Data below:
(* Let $(X,d)$ be a length space and $\Gamma$ a group acting properly by isometries on $X$ such that $\Gamma\backslash X$ is compact with diameter at most $D$. Suppose there exist $x_0\in X$, $C_0>1$ and $R_0>D$ such that for every $r\in[R_0/2,2R_0]$ one has $0<\mu_{x_0}^\Gamma(B(x_0,r))<\infty$ and $\mu_{x_0}^\Gamma(B(x_0,2r))\le C_0\,\mu_{x_0}^\Gamma(B(x_0,r))$. Then: (i) for every $R_1\ge R_0$ and every $r\in[R_1/2,2R_1]$, $\mu_{x_0}^\Gamma(B(x_0,2r))\le C_0^{3(1+[2R_1/R_0])}\mu_{x_0}^\Gamma(B(x_0,r))$; (ii) $\operatorname{Ent}(X,d)\le\frac{3}{R_0}\ln C_0$.
   Context: A length space: any two points are joined by a continuous path and $d$ is the infimum of lengths of such paths. Proper action: $\{\gamma:d(x,\gamma x)\le R\}$ finite. $\mu_{x_0}^\Gamma=\sum_{\gamma\in\Gamma}\delta_{\gamma x_0}$ is the counting measure of the orbit, so $\mu_{x_0}^\Gamma(B(x_0,r))=\#\{\gamma: d(x_0,\gamma x_0)<r\}$; $B(x,r)$ is the open ball. Quotient distance $\bar d(\Gamma x,\Gamma y)=\inf_\gamma d(x,\gamma y)$. $\operatorname{Ent}(X,d)=\liminf_R\frac1R\ln\mu_{x_0}^\Gamma(B(x_0,R))$. $[t]$ is the integer part. *)

From Stdlib Require Import Reals Lra ZArith List ClassicalEpsilon.
Open Scope R_scope.

Record IsMetric {X : Type} (d : X -> X -> R) : Prop := {
  metric_eq0 : forall x y, d x y = 0 <-> x = y;
  metric_sym : forall x y, d x y = d y x;
  metric_tri : forall x y z, d x z <= d x y + d y z
}.

Fixpoint psum (f : nat -> R) (n : nat) : R :=
  match n with O => 0 | S k => psum f k + f k end.

Definition path_continuous {X : Type} (d : X -> X -> R) (c : R -> X) : Prop :=
  forall t, 0 <= t <= 1 -> forall eps, eps > 0 ->
    exists delta, delta > 0 /\
      forall s, 0 <= s <= 1 -> Rabs (s - t) < delta -> d (c s) (c t) < eps.

(* length(c) <= L, where length = sup over partitions 0 = t_0 <= ... <= t_n = 1
   of sum_i d(c t_i, c t_{i+1}). *)
Definition path_length_le {X : Type} (d : X -> X -> R) (c : R -> X) (L : R) : Prop :=
  forall (t : nat -> R) (n : nat),
    t O = 0 -> t n = 1 -> (forall i, (i < n)%nat -> t i <= t (S i)) ->
    psum (fun i => d (c (t i)) (c (t (S i)))) n <= L.

(* Length space: any two points are joined by a continuous path and d is the
   infimum of the lengths of such paths (d <= length always holds by the
   triangle inequality, so only the "inf <= d" half needs stating). *)
Definition LengthSpace {X : Type} (d : X -> X -> R) : Prop :=
  IsMetric d /\
  forall x y : X,
    (exists c, path_continuous d c /\ c 0 = x /\ c 1 = y) /\
    (forall eps, eps > 0 ->
      exists c, path_continuous d c /\ c 0 = x /\ c 1 = y /\
                path_length_le d c (d x y + eps)).

Record IsometricGroupAction {G X : Type} (mul : G -> G -> G) (inv : G -> G)
    (e : G) (act : G -> X -> X) (d : X -> X -> R) : Prop := {
  grp_assoc : forall a b c, mul a (mul b c) = mul (mul a b) c;
  grp_idl : forall a, mul e a = a;
  grp_idr : forall a, mul a e = a;
  grp_invl : forall a, mul (inv a) a = e;
  grp_invr : forall a, mul a (inv a) = e;
  act_id : forall x, act e x = x;
  act_mul : forall a b x, act (mul a b) x = act a (act b x);
  act_isom : forall a x y, d (act a x) (act a y) = d x y
}.

Definition ProperAction {G X : Type} (act : G -> X -> X) (d : X -> X -> R) : Prop :=
  forall (x : X) (Rr : R), exists l : list G,
    forall g, d x (act g x) <= Rr -> In g l.

(* Quotient distance dbar(Gx, Gy) = inf_g d(x, g y).
   dbar(Gx,Gy) < eps  <->  exists g, d(x, g y) < eps. *)
Definition QuotientDiamLe {G X : Type} (act : G -> X -> X) (d : X -> X -> R) (D : R) : Prop :=
  forall x y : X, forall eps, eps > 0 -> exists g, d x (act g y) <= D + eps.

(* Compactness of the quotient metric space (Gamma\X, dbar), stated as
   sequential compactness: every sequence of orbits has a subsequence
   converging in dbar. *)
Definition QuotientCompact {G X : Type} (act : G -> X -> X) (d : X -> X -> R) : Prop :=
  forall u : nat -> X, exists (y : X) (phi : nat -> nat),
    (forall n, (phi n < phi (S n))%nat) /\
    forall eps, eps > 0 -> exists N, forall n, (n >= N)%nat ->
      exists g, d (u (phi n)) (act g y) < eps.
(* Normalization onto the simplex is invariant under positive scaling;
   this is why none of the iterates depends on the step size eta. *)
Lemma g_pscale (xbar a : vec R n) {eta : R} : 0 < eta ->
  g xbar (fun i => eta * a i) = g xbar a.
Proof.
move=> eta_gt0; rewrite /g.
have -> : [forall i, eta * a i == 0] = [forall i, a i == 0].
  by apply: eq_forallb => i; rewrite mulf_eq0 (gt_eqF eta_gt0).
case: ifP => // _; apply: functional_extensionality => i.
have -> : norm1 (fun i => eta * a i) = eta * norm1 a.
  by rewrite /norm1 mulr_sumr; apply: eq_bigr => j _; rewrite normrM gtr0_norm.
by rewrite invfM mulrACA mulfV ?gt_eqF // mul1r.
Qed.

Lemma argmin_prox_orthant {F : vec R n -> R} {c z th eta} : 0 < eta ->
  (forall t, F t = dot c t + (2 * eta)^-1 * sqnorm2 (fun i => t i - z i)) ->
  is_argmin F (@nonneg R n) th -> th = pos (fun i => z i - eta * c i).
Proof.
move=> eta_gt0 F_def [th_ge0 th_min].
set p := pos _.
have F_sum t : F t = \sum_i (c i * t i + (2 * eta)^-1 * (t i - z i) ^+ 2).
  by rewrite F_def /dot /sqnorm2 mulr_sumr -big_split.
have term_ge0 i : 0 <= (th i - p i) ^+ 2 / (2 * eta).
  by rewrite divr_ge0 ?sqr_ge0 // mulr_ge0 // ltW.
have gap_le0 : \sum_i (th i - p i) ^+ 2 / (2 * eta) <= 0.
  apply: (le_trans (y := F th - F p)).
    by rewrite !F_sum -sumrB; apply: ler_sum => i _; exact: prox_scalar_growth.
  by rewrite subr_le0; apply: th_min; apply: pos_nonneg.
have gap0 : \sum_i (th i - p i) ^+ 2 / (2 * eta) = 0.
  by apply/eqP; rewrite eq_le gap_le0 sumr_ge0.
apply: functional_extensionality => i.
move: (psumr_eq0P (fun j _ => term_ge0 j) gap0 (i := i) isT) => /eqP.
rewrite mulf_eq0 invr_eq0 (gt_eqF (mulr_gt0 _ eta_gt0)) // orbF sqrf_eq0.
by rewrite subr_eq0 => /eqP.
Qed.

Lemma g_orthogonal (xbar l a : vec R n) : nonneg a -> dot a (u (g xbar a) l) = 0.
Proof.
move=> a_ge0; rewrite /dot /g; case: ifP => [/forallP a0 | a_neq0].
  by apply: big1 => i _; rewrite (eqP (a0 i)) mul0r.
have norm1E : norm1 a = \sum_i a i by apply: eq_bigr => i _; rewrite ger0_norm.
have norm1_neq0 : norm1 a != 0.
  apply/negP => /eqP; rewrite norm1E => /psumr_eq0P a0.
  by move: a_neq0; rewrite (introT forallP) // => i; rewrite a0.
rewrite /u /dot; under eq_bigr => i _ do rewrite mulrBr.
rewrite sumrB -mulr_suml -norm1E.
have -> : \sum_i l i * (a i / norm1 a) = (\sum_i a i * l i) / norm1 a.
  by rewrite mulr_suml; apply: eq_bigr => i _; rewrite mulrCA mulrA.
by rewrite (mulrC (norm1 a)) divfK // subrr.
Qed.

Lemma potential_step (l : vec R n) {xbar r v x' : vec R n} :
  x' = g xbar (pos (fun i => r i + v i)) ->
  sqnorm2 (pos (fun i => r i + u x' l i))
    <= sqnorm2 (pos r) + sqnorm2 (fun i => u x' l i - v i).
Proof.
move=> x'_def; set d := fun i => u x' l i - v i.
have cross0 : \sum_i Num.max (r i + v i) 0 * (v i + d i) = 0.
  rewrite -[RHS](g_orthogonal xbar l _ (pos_nonneg (fun i => r i + v i))) -x'_def /dot.
  by apply: eq_bigr => i _; congr (_ * _); rewrite /d addrC subrK.
apply: (le_trans (y := \sum_i (Num.max (r i) 0 ^+ 2
           + 2 * Num.max (r i + v i) 0 * (v i + d i) + d i ^+ 2))).
  apply: ler_sum => i _; rewrite /pos.
  have -> : r i + u x' l i = r i + v i + d i by rewrite /d; ring.
  exact: pos_part_sq_step.
rewrite !big_split /=.
under [X in _ + X + _]eq_bigr => i _ do rewrite -mulrA.
by rewrite -mulr_sumr cross0 mulr0 addr0.
Qed.

End OrthantGeometry.

Section RegretFromPotential.
Context {R : realType} {n : nat}.

Lemma pred_errS (x m l : nat -> vec R n) (T : nat) :
  pred_err x m l T.+1 = pred_err x m l T
    + sqnorm2 (fun i => u (x T.+1) (l T.+1) i - u (x T) (m T.+1) i).
Proof.
rewrite /pred_err big_nat_recr //=; congr (_ + sqnorm2 _).
by apply: functional_extensionality => i; rewrite /u; ring.
Qed.

Lemma regret_cumulative_payoff (x l : nat -> vec R n)
    (T : nat) (xhat : vec R n) :
  \sum_i xhat i = 1 ->
  regret x l T xhat = dot xhat (fun i => \sum_(1 <= t < T.+1) u (x t) (l t) i).
Proof.
move=> xhat_sum1; rewrite /dot.
under [RHS]eq_bigr => i _ do rewrite mulr_sumr.
rewrite exchange_big /regret; apply: eq_bigr => t _.
rewrite /u /dot; under [RHS]eq_bigr => i _ do rewrite mulrBr.
rewrite sumrB -mulr_suml xhat_sum1 mul1r.
under eq_bigr => i _ do rewrite mulrBr.
by rewrite sumrB; congr (_ - _); apply: eq_bigr => i _; rewrite mulrC.
Qed.

Lemma simplex_average_le (xhat y q : vec R n) (P : R) :
  in_simplex xhat -> (forall i, y i <= q i) -> sqnorm2 (pos q) <= P ->
  dot xhat y <= Num.sqrt P.
Proof.
move=> [xhat_ge0 xhat_sum1] y_le_q q_pot.
have y_le i : y i <= Num.sqrt P.
  apply: (le_trans (y_le_q i)); apply: (le_trans (y := pos q i)).
    by rewrite /pos le_max lexx.
  rewrite -(ger0_norm (pos_nonneg q i)) -sqrtr_sqr ler_wsqrtr //.
  apply: le_trans q_pot; rewrite /sqnorm2 (bigD1 i) //= lerDl.
  by apply: sumr_ge0 => j _; rewrite sqr_ge0.
apply: (le_trans (y := \sum_i xhat i * Num.sqrt P)).
  by apply: ler_sum => i _; rewrite ler_wpM2l.
by rewrite -mulr_suml xhat_sum1 mul1r.
Qed.

(* Regret bound from a potential bound: if the cumulative payoff is dominated
   by q and ||[q]^+||^2 <= P then R^T(xhat) <= sqrt 2 sqrt P (the factor
   sqrt 2 >= 1 is slack). *)
Lemma regret_le_potential {x l : nat -> vec R n} {T : nat} {xhat q : vec R n} {P : R} :
  in_simplex xhat ->
  (forall i, \sum_(1 <= t < T.+1) u (x t) (l t) i <= q i) ->
  sqnorm2 (pos q) <= P ->
  regret x l T xhat <= Num.sqrt 2 * Num.sqrt P.
Proof.
move=> xhat_simplex cum_le_q q_pot.
rewrite regret_cumulative_payoff; last by case: xhat_simplex.
apply: (le_trans (y := Num.sqrt P)); first exact: simplex_average_le cum_le_q q_pot.
rewrite ler_peMl ?sqrtr_ge0 //.
by rewrite -[leLHS]sqrtr1 ler_wsqrtr //; lra.
Qed.

End RegretFromPotential.

Section RegretMatchingDynamics.
Context {R : realType} {n : nat}.
Variables (xbar : vec R n) (m l : nat -> vec R n).

Local Notation x := (prm_x xbar m l).
Local Notation r t := (prm_state xbar m l t).1.
Local Notation xp := (prmp_x xbar m l).
Local Notation z t := (prmp_state xbar m l t).1.

Lemma prm_xS t : x t.+1 = g xbar (pos (fun i => r t i + u (x t) (m t.+1) i)).
Proof.
rewrite /prm_x /=; case: (prm_state xbar m l t) => r0 x0 /=.
by congr (g xbar (pos _)); apply: functional_extensionality => i; rewrite /u addrA.
Qed.

Lemma prm_rS t : r t.+1 = (fun i => r t i + u (x t.+1) (l t.+1) i).
Proof.
rewrite /prm_x /=; case: (prm_state xbar m l t) => r0 x0 /=.
by apply: functional_extensionality => i; rewrite /u addrA.
Qed.

Lemma prmp_xS t : xp t.+1 = g xbar (pos (fun i => z t i + u (xp t) (m t.+1) i)).
Proof.
rewrite /prmp_x /=; case: (prmp_state xbar m l t) => z0 x0 /=.
by congr (g xbar (pos _)); apply: functional_extensionality => i; rewrite /u addrA.
Qed.

Lemma prmp_zS t : z t.+1 = pos (fun i => z t i + u (xp t.+1) (l t.+1) i).
Proof.
rewrite /prmp_x /=; case: (prmp_state xbar m l t) => z0 x0 /=.
by congr (pos _); apply: functional_extensionality => i; rewrite /u addrA.
Qed.

Lemma prm_r_cumulative t i : r t i = \sum_(1 <= tau < t.+1) u (x tau) (l tau) i.
Proof.
elim: t => [|t IH]; first by rewrite big_geq.
by rewrite prm_rS big_nat_recr //= IH.
Qed.

Lemma prmp_z_dominates t i : \sum_(1 <= tau < t.+1) u (xp tau) (l tau) i <= z t i.
Proof.
elim: t => [|t IH]; first by rewrite big_geq.
rewrite prmp_zS big_nat_recr //= /pos.
by apply: (le_trans (y := z t i + u (xp t.+1) (l t.+1) i)); rewrite ?lerD2r ?le_max ?lexx.
Qed.

Lemma prm_potential T : sqnorm2 (pos (r T)) <= pred_err x m l T.
Proof.
elim: T => [|T IH].
  by rewrite /pred_err big_geq //= /sqnorm2 big1 // => i _; rewrite /pos maxxx expr0n.
rewrite pred_errS prm_rS.
apply: le_trans (potential_step (l T.+1) (prm_xS T)) _.
by rewrite lerD2r.
Qed.

Lemma prmp_potential T : sqnorm2 (pos (z T)) <= pred_err xp m l T.
Proof.
elim: T => [|T IH].
  by rewrite /pred_err big_geq //= /sqnorm2 big1 // => i _; rewrite /pos maxxx expr0n.
have pos_idem (a : vec R n) : pos (pos a) = pos a.
  by apply: functional_extensionality => i; rewrite /pos -maxA maxxx.
rewrite pred_errS prmp_zS pos_idem.
apply: le_trans (potential_step (l T.+1) (prmp_xS T)) _.
by rewrite lerD2r.
Qed.

End RegretMatchingDynamics.

Section OptimizationViewpoint.
Context {R : realType} {n : nat}.
Context {xbar : vec R n} {m l : nat -> vec R n} {eta : R}.
Hypothesis eta_gt0 : 0 < eta.

Local Notation x := (prm_x xbar m l).
Local Notation r t := (prm_state xbar m l t).1.
Local Notation xp := (prmp_x xbar m l).
Local Notation zp t := (prmp_state xbar m l t).1.

(* (i) Predictive FTRL on the orthant with regularizer ||.||^2 / (2 eta):
   its leader is eta [r^t + u(x^t, m^{t+1})]^+, which g normalizes to the
   PRM decision. *)
Lemma ftrl_iterates_are_prm {theta y : nat -> vec R n} :
  y 0%N = @unifv R n ->
  (forall t : nat, (0 < t)%N ->
     is_argmin
       (fun th : vec R n =>
          dot (fun i => - (\sum_(1 <= tau < t) u (y tau) (l tau) i)
                        - (dot (m t) (y t.-1) - m t i)) th
          + (2 * eta)^-1 * sqnorm2 th)
       (@nonneg R n) (theta t)
     /\ y t = g xbar (theta t)) ->
  forall t, y t = x t.
Proof.
move=> y0 ftrl.
suff agree t s : (s <= t)%N -> y s = x s by move=> t; exact: agree.
elim: t s => [|t IH] s; first by rewrite leqn0 => /eqP ->.
rewrite leq_eqVlt ltnS => /predU1P [-> | ]; last exact: IH.
have [th_min y_def] := ftrl t.+1 isT.
have cum_eq : (fun i => \sum_(1 <= tau < t.+1) u (y tau) (l tau) i) = r t.
  apply: functional_extensionality => i; rewrite prm_r_cumulative.
  by apply: eq_big_nat => tau /andP [_ tau_le]; rewrite IH.
have theta_eq := @argmin_prox_orthant _ _ _
  (fun i => - (\sum_(1 <= tau < t.+1) u (y tau) (l tau) i) - u (y t) (m t.+1) i)
  (@zerov R n) _ _ eta_gt0 _ th_min.
rewrite y_def {}theta_eq; last first.
  by move=> th; congr (_ + _ * _); apply: eq_bigr => i _; rewrite /zerov subr0.
rewrite prm_xS -[RHS](g_pscale _ _ eta_gt0) -pos_pscale //; congr (g xbar (pos _)).
by apply: functional_extensionality => i; rewrite -cum_eq -IH //= /zerov; ring.
Qed.

(* (ii) Predictive OMD on the orthant: both proximal steps are projections
   onto the orthant, and by induction z^t (OMD) = eta z^t (PRM+), so the
   normalized decisions coincide. *)
Lemma omd_iterates_are_prmp {theta zo y : nat -> vec R n} :
  zo 0%N = @zerov R n -> y 0%N = @unifv R n ->
  (forall t : nat, (0 < t)%N ->
     is_argmin
       (fun th : vec R n =>
          dot (fun i => - (dot (m t) (y t.-1) - m t i)) th
          + (2 * eta)^-1 * sqnorm2 (fun i => th i - zo t.-1 i))
       (@nonneg R n) (theta t)
     /\ y t = g xbar (theta t)
     /\ is_argmin
       (fun zz : vec R n =>
          dot (fun i => - u (y t) (l t) i) zz
          + (2 * eta)^-1 * sqnorm2 (fun i => zz i - zo t.-1 i))
       (@nonneg R n) (zo t)) ->
  forall t, y t = xp t.
Proof.
move=> zo0 y0 omd.
suff agree t : y t = xp t /\ zo t = (fun i => eta * zp t i) by move=> t; case: (agree t).
elim: t => [|t [IHy IHz]].
  by rewrite y0 zo0; split=> //; apply: functional_extensionality => i; rewrite mulr0.
have [th_min [y_def zo_min]] := omd t.+1 isT.
have theta_eq := argmin_prox_orthant eta_gt0 (fun _ => erefl) th_min.
have zo_eq := argmin_prox_orthant eta_gt0 (fun _ => erefl) zo_min.
have y_eq : y t.+1 = xp t.+1.
  rewrite y_def theta_eq prmp_xS -[RHS](g_pscale _ _ eta_gt0) -pos_pscale //.
  congr (g xbar (pos _)); apply: functional_extensionality => i.
  by rewrite /= IHz IHy /u; ring.
split=> //; rewrite zo_eq prmp_zS -pos_pscale //; congr pos.
by apply: functional_extensionality => i; rewrite /= IHz y_eq; ring.
Qed.

End OptimizationViewpoint.

Theorem mainTheorem7 (R : realType) (n : nat) (hn : (0 < n)%N)
  (xbar : vec R n) (hxbar : in_simplex xbar)
  (eta : R) (heta : 0 < eta) (m l : nat -> vec R n) :
  (* (i) predictive FTRL produces the iterates of PRM *)
  (forall theta x : nat -> vec R n,
     x 0%N = @unifv R n ->
     (forall t : nat, (0 < t)%N ->
        is_argmin
          (fun th : vec R n =>
             dot (fun i => - (\sum_(1 <= tau < t) u (x tau) (l tau) i)
                           - (dot (m t) (x t.-1) - m t i)) th
             + (2 * eta)^-1 * sqnorm2 th)
          (@nonneg R n) (theta t)
        /\ x t = g xbar (theta t)) ->
     forall t i, x t i = prm_x xbar m l t i)
  /\
  (* (ii) predictive OMD produces the iterates of PRM+ *)
  (forall theta z x : nat -> vec R n,
     z 0%N = @zerov R n ->
     x 0%N = @unifv R n ->
     (forall t : nat, (0 < t)%N ->
        is_argmin
          (fun th : vec R n =>
             dot (fun i => - (dot (m t) (x t.-1) - m t i)) th
             + (2 * eta)^-1 * sqnorm2 (fun i => th i - z t.-1 i))
          (@nonneg R n) (theta t)
        /\ x t = g xbar (theta t)
        /\ is_argmin
          (fun zz : vec R n =>
             dot (fun i => - u (x t) (l t) i) zz
             + (2 * eta)^-1 * sqnorm2 (fun i => zz i - z t.-1 i))
          (@nonneg R n) (z t)) ->
     forall t i, x t i = prmp_x xbar m l t i)
  /\
  (* (iii) regret bounds for PRM and PRM+ *)
  (forall (T : nat) (xhat : vec R n), (1 <= T)%N -> in_simplex xhat ->
     regret (prm_x xbar m l) l T xhat
       <= Num.sqrt 2 * Num.sqrt (pred_err (prm_x xbar m l) m l T))
  /\
  (forall (T : nat) (xhat : vec R n), (1 <= T)%N -> in_simplex xhat ->
     regret (prmp_x xbar m l) l T xhat
       <= Num.sqrt 2 * Num.sqrt (pred_err (prmp_x xbar m l) m l T)).
Proof.
split.
  by move=> theta x x0 ftrl t i; rewrite (ftrl_iterates_are_prm heta x0 ftrl).
split.
  by move=> theta z x z0 x0 omd t i; rewrite (omd_iterates_are_prmp heta z0 x0 omd).
split=> T xhat _ xhat_simplex.
- apply: regret_le_potential xhat_simplex _ (prm_potential xbar m l T) => i.
  by rewrite prm_r_cumulative.
- exact: regret_le_potential xhat_simplex
    (prmp_z_dominates xbar m l T) (prmp_potential xbar m l T).
Qed.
End of Data.
Looking at the data above, show all lines where the word "mulrBr" occurs.

(Answer to the exercise)
rewrite /u /dot; under eq_bigr => i _ do rewrite mulrBr.
rewrite /u /dot; under [RHS]eq_bigr => i _ do rewrite mulrBr.
under eq_bigr => i _ do rewrite mulrBr.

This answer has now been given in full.